+++ THE RECORDS

(* For $a\in(0,1]$ and $b=\sqrt{1-a^2}$, let $\gamma_a(s)=\hat\gamma_a(s)=\big(a\cos\tfrac{s}{a},a\sin\tfrac{s}{a},b\big)\in S^2$ and $y_a=\gamma_a\otimes\hat\gamma_a:(s,\hat s)\mapsto\gamma_a(s)\otimes\hat\gamma_a(\hat s)\in S^8$, $(s,\hat s)\in[0,2\pi a]^2$. Then $y_a$ is a flat torus and $W(y_a)=2\pi^2(1+a^2)$; in particular $W(y_a)>2\pi^2$ for all $a\in(0,1]$ and $W(y_a)\to 2\pi^2$ as $a\to0$.
   Context: For $x,\hat x\in\mathbb{R}^3$ the tensor product is $x\otimes\hat x=(x_i\hat x_j)_{i,j=1}^3\in\mathbb{R}^9$ (lexicographic order). For a closed immersed surface $x:M\to S^N$ with mean curvature vector $\vec H$ and Gauss curvature $K$, the Willmore functional is $W(x)=\int_M(|\vec H|^2-K+1)\,dM$. *)

From Stdlib Require Import Reals Lra.
Open Scope R_scope.

(** Vectors in R^n are functions nat -> R (only indices < n matter). *)
Definition vec := nat -> R.

Fixpoint rsum (n : nat) (f : nat -> R) : R :=
  match n with O => 0 | S m => rsum m f + f m end.

Definition dot (n : nat) (u v : vec) : R := rsum n (fun k => u k * v k).

(** Tensor product x ⊗ x̂ in R^9, lexicographic order: index 3i+j ↦ x_i x̂_j. *)
Definition tensor3 (x xh : vec) : vec :=
  fun k => x (Nat.div k 3) * xh (Nat.modulo k 3).

Definition gamma_a (a : R) (s : R) : vec :=
  fun k => match k with
           | O => a * cos (s / a)
           | S O => a * sin (s / a)
           | S (S O) => sqrt (1 - a ^ 2)
           | _ => 0
           end.

Definition y_a (a : R) (s sh : R) : vec := tensor3 (gamma_a a s) (gamma_a a sh).

Definition dS (f g : R -> R -> R) : Prop :=
  forall s t, derivable_pt_lim (fun u => f u t) s (g s t).
Definition dT (f g : R -> R -> R) : Prop :=
  forall s t, derivable_pt_lim (fun u => f s u) t (g s t).
Definition vdS (n : nat) (f g : R -> R -> vec) : Prop :=
  forall k, (k < n)%nat -> dS (fun s t => f s t k) (fun s t => g s t k).
Definition vdT (n : nat) (f g : R -> R -> vec) : Prop :=
  forall k, (k < n)%nat -> dT (fun s t => f s t k) (fun s t => g s t k).

(** Second-order jet of a parametrized surface x : R^2 -> R^n, together with
    the derivatives of the first fundamental form E, F, G that enter the
    Brioschi formula for the Gauss curvature of the induced metric. *)
Record Jets (n : nat) (x : R -> R -> vec) : Type := {
  xs : R -> R -> vec; xt : R -> R -> vec;
  xss : R -> R -> vec; xst : R -> R -> vec; xtt : R -> R -> vec;
  Es : R -> R -> R; Et : R -> R -> R;
  Fs : R -> R -> R; Ft : R -> R -> R;
  Gs : R -> R -> R; Gt : R -> R -> R;
  Ett : R -> R -> R; Fst : R -> R -> R; Gss : R -> R -> R;
  j_xs : vdS n x xs; j_xt : vdT n x xt;
  j_xss : vdS n xs xss; j_xst : vdT n xs xst; j_xtt : vdT n xt xtt;
  j_Es : dS (fun s t => dot n (xs s t) (xs s t)) Es;
  j_Et : dT (fun s t => dot n (xs s t) (xs s t)) Et;
  j_Fs : dS (fun s t => dot n (xs s t) (xt s t)) Fs;
  j_Ft : dT (fun s t => dot n (xs s t) (xt s t)) Ft;
  j_Gs : dS (fun s t => dot n (xt s t) (xt s t)) Gs;
  j_Gt : dT (fun s t => dot n (xt s t) (xt s t)) Gt;
  j_Ett : dT Et Ett; j_Fst : dT Fs Fst; j_Gss : dS Gs Gss
}.

Arguments xs {n x}. Arguments xt {n x}. Arguments xss {n x}.
Arguments xst {n x}. Arguments xtt {n x}.
Arguments Es {n x}. Arguments Et {n x}. Arguments Fs {n x}.
Arguments Ft {n x}. Arguments Gs {n x}. Arguments Gt {n x}.
Arguments Ett {n x}. Arguments Fst {n x}. Arguments Gss {n x}.

Section Geometry.
Context {n : nat} {x : R -> R -> vec} (J : Jets n x).

Definition fE s t := dot n (xs J s t) (xs J s t).
Definition fF s t := dot n (xs J s t) (xt J s t).
Definition fG s t := dot n (xt J s t) (xt J s t).
Definition fdet s t := fE s t * fG s t - fF s t ^ 2.

(** Projection onto the normal space of the surface inside S^{n-1}
    (orthogonal complement of span{x_s, x_t, x}; x is a unit vector). *)
Definition nperp (s t : R) (v : vec) : vec :=
  let a1 := dot n v (xs J s t) in
  let a2 := dot n v (xt J s t) in
  fun k => v k
    - (fG s t * a1 - fF s t * a2) / fdet s t * xs J s t k
    - (fE s t * a2 - fF s t * a1) / fdet s t * xt J s t k
    - dot n v (x s t) * x s t k.

(** Second fundamental form of x in the sphere, and mean curvature vector
    H = (1/2) g^{ij} II_{ij}. *)
Definition II11 s t := nperp s t (xss J s t).
Definition II12 s t := nperp s t (xst J s t).
Definition II22 s t := nperp s t (xtt J s t).
Definition Hvec (s t : R) : vec :=
  fun k => / 2 * (fG s t * II11 s t k - 2 * fF s t * II12 s t k
                  + fE s t * II22 s t k) / fdet s t.

Definition det3 (a11 a12 a13 a21 a22 a23 a31 a32 a33 : R) : R :=
  a11 * (a22 * a33 - a23 * a32) - a12 * (a21 * a33 - a23 * a31)
  + a13 * (a21 * a32 - a22 * a31).
(* Let $y_0=x_2x_0x_2^{-1}$. For every integer $n\ge1$, $x_0^n$ has one of the forms $M_0([11,11,11],[17,17,17],\dots)$, $M_0([11,11,11],[11,11,11],\dots)$, $M_{2^r-1}([26,26,26],[0,0,0],\dots)$ for some odd $r\ge1$, or $M_{2^r-1}([11,11,11],[0,0,0],\dots)$ for some even $r\ge2$; and for every $n\ge1$, $y_0^n$ has one of the forms $M_0([11,11,11],[44,219,177],\dots)$, $M_0([11,11,11],[54,193,171],\dots)$, $M_{2^r-1}([26,26,26],[0,157,106],\dots)$ for some odd $r\ge1$, or $M_{2^r-1}([11,11,11],[61,202,160],\dots)$ for some even $r\ge2$.
   Context: Consider infinite upper unitriangular block matrices $X=(X_{r,s})_{r,s\ge1}$ whose entries are $3\times3$ matrices over $\mathbb F_2$, with $X_{r,r}=I$, $X_{r,s}=0$ for $s<r$, and whose upper diagonals are $3$-periodic: for each $j\ge1$ there are $a_{j1},a_{j2},a_{j3}\in M(3,\mathbb F_2)$ with $X_{r,r+j}=a_{j,i}$, where $i\in\{1,2,3\}$, $i\equiv r\pmod 3$; $a_j=[a_{j1},a_{j2},a_{j3}]$ is the $j$-th upper diagonal. For $l\ge0$, $M_l(c_1,c_2,\dots)$ denotes such a matrix whose first $l$ upper diagonals are zero and whose $(l+1)$-st, $(l+2)$-nd, $\dots$ upper diagonals are $c_1,c_2,\dots$; diagonals hidden in ''$\dots$'' are unspecified, while a matrix written $M_0(c_1,\dots,c_m)$ without dots has all further diagonals zero. A matrix $u=(u_{pq})\in M(3,\mathbb F_2)$ is encoded by the integer $256u_{11}+128u_{12}+64u_{13}+32u_{21}+16u_{22}+8u_{23}+4u_{31}+2u_{32}+u_{33}$, and a diagonal by the triple of integers of its three blocks. The elements are $x_0=M_0([11,11,11],[17,17,17],[26,26,26],[11,11,0],[17,0,0])$, $x_2=M_0([46,68,217],[12,194,363],[26,326,77],[46,68,0],[12,0,0])$. *)

From HB Require Import structures.
From mathcomp Require Import all_boot all_order all_algebra.
Set Implicit Arguments. Unset Strict Implicit. Unset Printing Implicit Defensive.
Import GRing.Theory.
Local Open Scope ring_scope.

Notation blk := 'M['F_2]_3.

(* A 3-periodic upper unitriangular infinite block matrix X = (X_{r,s})_{r,s>=1}
   is represented by its upper diagonals: [X j i] is the block a_{j,i+1}
   (j >= 1 the diagonal index, i : 'I_3 so that i+1 is in {1,2,3}).
   The value at j = 0 is irrelevant (the main diagonal is I). *)
Definition pmx := nat -> 'I_3 -> blk.

(* residue class of the row index r >= 1: i+1 = r mod 3 with i+1 in {1,2,3} *)
Definition phase (r : nat) : 'I_3 := inZp (r.-1).

Definition entry (X : pmx) (r s : nat) : blk :=
  if r == s then 1%:M else if (r < s)%N then X (s - r)%N (phase r) else 0.

Definition pone : pmx := fun _ _ => 0.

(* product: (XY)_{r,r+j} = sum_{k=0}^{j} X_{r,r+k} Y_{r+k,r+j}, computed at
   the representative row r = i+1 of the phase class i. *)
Definition pmul (X Y : pmx) : pmx := fun j i =>
  let r := i.+1 in \sum_(k < j.+1) entry X r (r + k) *m entry Y (r + k) (r + j).

Definition ppow (X : pmx) (n : nat) : pmx := iter n (pmul X) pone.

(* inverse, computed diagonal by diagonal from X Z = I:
   Z_{r,r+j} = - sum_{k=1}^{j} X_{r,r+k} Z_{r+k,r+j}. [pinv_aux X n] is
   correct on diagonals 1..n. *)
Fixpoint pinv_aux (X : pmx) (n : nat) : pmx :=
  match n with
  | 0 => pone
  | n'.+1 => let Z := pinv_aux X n' in fun j i =>
      if j == n'.+1 then
        let r := i.+1 in
        - \sum_(1 <= k < j.+1) entry X r (r + k) *m entry Z (r + k) (r + j)
      else Z j i
  end.

Definition pinv (X : pmx) : pmx := fun j i => pinv_aux X j j i.

(* decoding of the integer code of a 3x3 matrix over F_2:
   code = 256 u11 + 128 u12 + 64 u13 + 32 u21 + ... + u33 *)
Definition dec (m : nat) : blk :=
  \matrix_(p < 3, q < 3) (((m %/ 2 ^ (8 - (3 * p + q))) %% 2)%N%:R : 'F_2).

Definition dg (t : nat * nat * nat) : 'I_3 -> blk := fun i =>
  match val i with 0 => dec t.1.1 | 1 => dec t.1.2 | _ => dec t.2 end.

(* M_0(c_1,...,c_m) with all further diagonals zero *)
Definition mkM (cs : seq (nat * nat * nat)) : pmx := fun j i =>
  if (0 < j)%N then dg (nth (0, 0, 0)%N cs j.-1) i else 0.

(* X has the form M_l(c1, c2, ...): the first l upper diagonals vanish and
   the (l+1)-st and (l+2)-nd are c1, c2 (others unspecified). *)
Definition has_form (X : pmx) (l : nat) (c1 c2 : nat * nat * nat) : Prop :=
  (forall j i, (1 <= j <= l)%N -> X j i = 0) /\
  (forall i, X l.+1 i = dg c1 i) /\
  (forall i, X l.+2 i = dg c2 i).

++++++

-- THE PROBLEM --
Report every line of the data above that contains the string "Arguments" by copying it in full.

-- THE ANSWER --
Arguments xs {n x}. Arguments xt {n x}. Arguments xss {n x}.
Arguments xst {n x}. Arguments xtt {n x}.
Arguments Es {n x}. Arguments Et {n x}. Arguments Fs {n x}.
Arguments Ft {n x}. Arguments Gs {n x}. Arguments Gt {n x}.
Arguments Ett {n x}. Arguments Fst {n x}. Arguments Gss {n x}.
Set Implicit Arguments. Unset Strict Implicit. Unset Printing Implicit Defensive.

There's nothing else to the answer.